Summary and Contributions: This paper presents theoretical results on feature selection consistency for deep neural networks with adaptive group lasso penalty. The authors do so by circumventing the need to account for unidentifiability in deep neural networks, which has been the source of major difficulty in analyzing these methods.
Strengths: This paper generalizes Dinh and Ho (2020) by (i) establishing a way to study the behavior of Group Lasso without a full characterization of the optimal parameter set and (ii) using Lojasewicvz’s inequality to upper-bound the distance between an estimated and an optimal parameters. By doing so, this paper shows that the analyses of feature selection consistency in Dinh and Ho (2020) apply not only to an irreducible feed-forward network with a single hidden layer but also to a broader range of deep analytic neural networks such as feed-forward networks with multiple hidden layers and convolutional neural networks. Also, the empirical illustration of their analyses seems interesting, especially the performance gap between feature selection with AGL + GL and with GL only. In experiments, the authors use deep neural networks to show that their analyses apply to neural networks with multiple hidden layers.
Weaknesses: The experimental results are insufficient. The simulation was done on a single architecture with only 50 input features, and the single real data had only 13 input features. Both the simulated and real data had a small number of input features, which seems inadequate for a study of feature selection problem. Considering that the claim of the paper applies to a broad class of neural networks, the experiments should include those deep neural networks from difference classes.
Correctness: Yes.
Clarity: In general, this paper is easy to follow. Minor commnets: In Definition 2.3 on page 3, I assume n is the number of samples. It’d be good to define this. On line 159, I assume d is the distance between two parameter sets. It’d be good to define this.

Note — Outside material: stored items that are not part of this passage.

(* For every integer $k\ge2$, $\displaystyle\lim_{n\to\infty}\chi''_c(G_{k,n})=k+1$.
   Context: A half-edge has exactly one end vertex. Let $H_k$ be obtained from $K_{k,k}$ by deleting one vertex but keeping its $k$ incident edges as half-edges, and let $H'_k$ be obtained from $H_k$ by deleting $k-2$ of its half-edges. For $n\ge1$ let $B_1,\ldots,B_n$ be copies of $H'_k$ with half-edges $f_i,f'_i$ in $B_i$, and let $B_0$ be a single vertex $u$ with two half-edges $f_0,f'_{n+1}$. $G_{k,n}$ is obtained from the disjoint union of $B_0,\ldots,B_n$ by joining $f_i$ and $f'_{i+1}$ into an edge for each $0\le i\le n$. For integers $p\ge q\ge1$, a $(p,q)$-total colouring of a graph assigns colours in $\{0,\ldots,p-1\}$ to vertices and edges such that $q\le|c(a)-c(b)|\le p-q$ whenever $a,b$ are adjacent vertices, edges sharing an end, or an incident vertex–edge pair; $\chi''_c(G)=\inf\{p/q\mid G \text{ has a } (p,q)\text{-total colouring}\}$. *)

From HB Require Import structures.
From mathcomp Require Import all_boot all_order all_algebra.
From mathcomp Require Import all_classical all_reals all_analysis.
Set Implicit Arguments. Unset Strict Implicit. Unset Printing Implicit Defensive.
Import Order.TTheory GRing.Theory Num.Theory.

(* The colour of the edge
   xy is [ce x y] (required to be symmetric, so it is really a function of
   the unordered edge {x,y}). *)

Definition cdist (a b : nat) : nat := (a - b) + (b - a).

Definition pq_ok (p q a b : nat) : Prop := q <= cdist a b /\ cdist a b <= p - q.

Definition is_total_colouring (T : finType) (e : rel T) (p q : nat)
  (cv : T -> nat) (ce : T -> T -> nat) : Prop :=
  [/\ (forall x, cv x < p),
      (forall x y, e x y -> ce x y < p /\ ce x y = ce y x),
      (forall x y, e x y -> pq_ok p q (cv x) (cv y)),
      (forall x y, e x y -> pq_ok p q (cv x) (ce x y))
    &
      (forall x y z, e x y -> e x z -> y != z -> pq_ok p q (ce x y) (ce x z))].

Definition has_total_colouring (T : finType) (e : rel T) (p q : nat) : Prop :=
  exists cv ce, @is_total_colouring T e p q cv ce.

Definition circ_total_chi (R : realType) (T : finType) (e : rel T) : R :=
  inf [set x : R | exists p q : nat,
         [/\ (1 <= q)%N, (q <= p)%N, x = (p%:R / q%:R)%R & has_total_colouring e p q]].

(* Vertices: [None] is the vertex u of B_0; [Some (i, inl a)] is the vertex a
   of the k-vertex side A of block B_{i+1} (the side carrying the half-edges),
   [Some (i, inr b)] is the vertex b of the (k-1)-vertex side of B_{i+1}.
   In B_{i+1} the kept half-edge f_{i+1} is at A-vertex 0 and f'_{i+1} at
   A-vertex 1.  Joining f_i with f'_{i+1}:
     u -- (block 1, A1);  (block i, A0) -- (block i+1, A1);  (block n, A0) -- u. *)
Definition gvert (k n : nat) : finType := option ('I_n * ('I_k + 'I_k.-1)).

Definition gadj0 (k n : nat) (x y : gvert k n) : bool :=
  match x, y with
  | Some (i, inl a), Some (j, inr _) => i == j
  | Some (i, inl a), Some (j, inl b) =>
      [&& val a == 0%N, val b == 1%N & (val i).+1 == val j]
  | None, Some (j, inl b) =>
      ((val b == 1%N) && (val j == 0%N)) || ((val b == 0%N) && ((val j).+1 == n))
  | _, _ => false
  end.

Definition gadj (k n : nat) : rel (gvert k n) :=
  fun x y => gadj0 x y || gadj0 y x.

Relation to Prior Work: Yes. In Introduction, the authors mention Dinh and Ho (2020) on which this paper seems to be based and clearly stated the difference of this paper and Dinh and Ho (2020).
Reproducibility: Yes
Additional Feedback: ***After author feedback*** Since the authors did not follow the formatting guideline of 1 page for the author feedback, the reviewers were advised not to take into account the author response.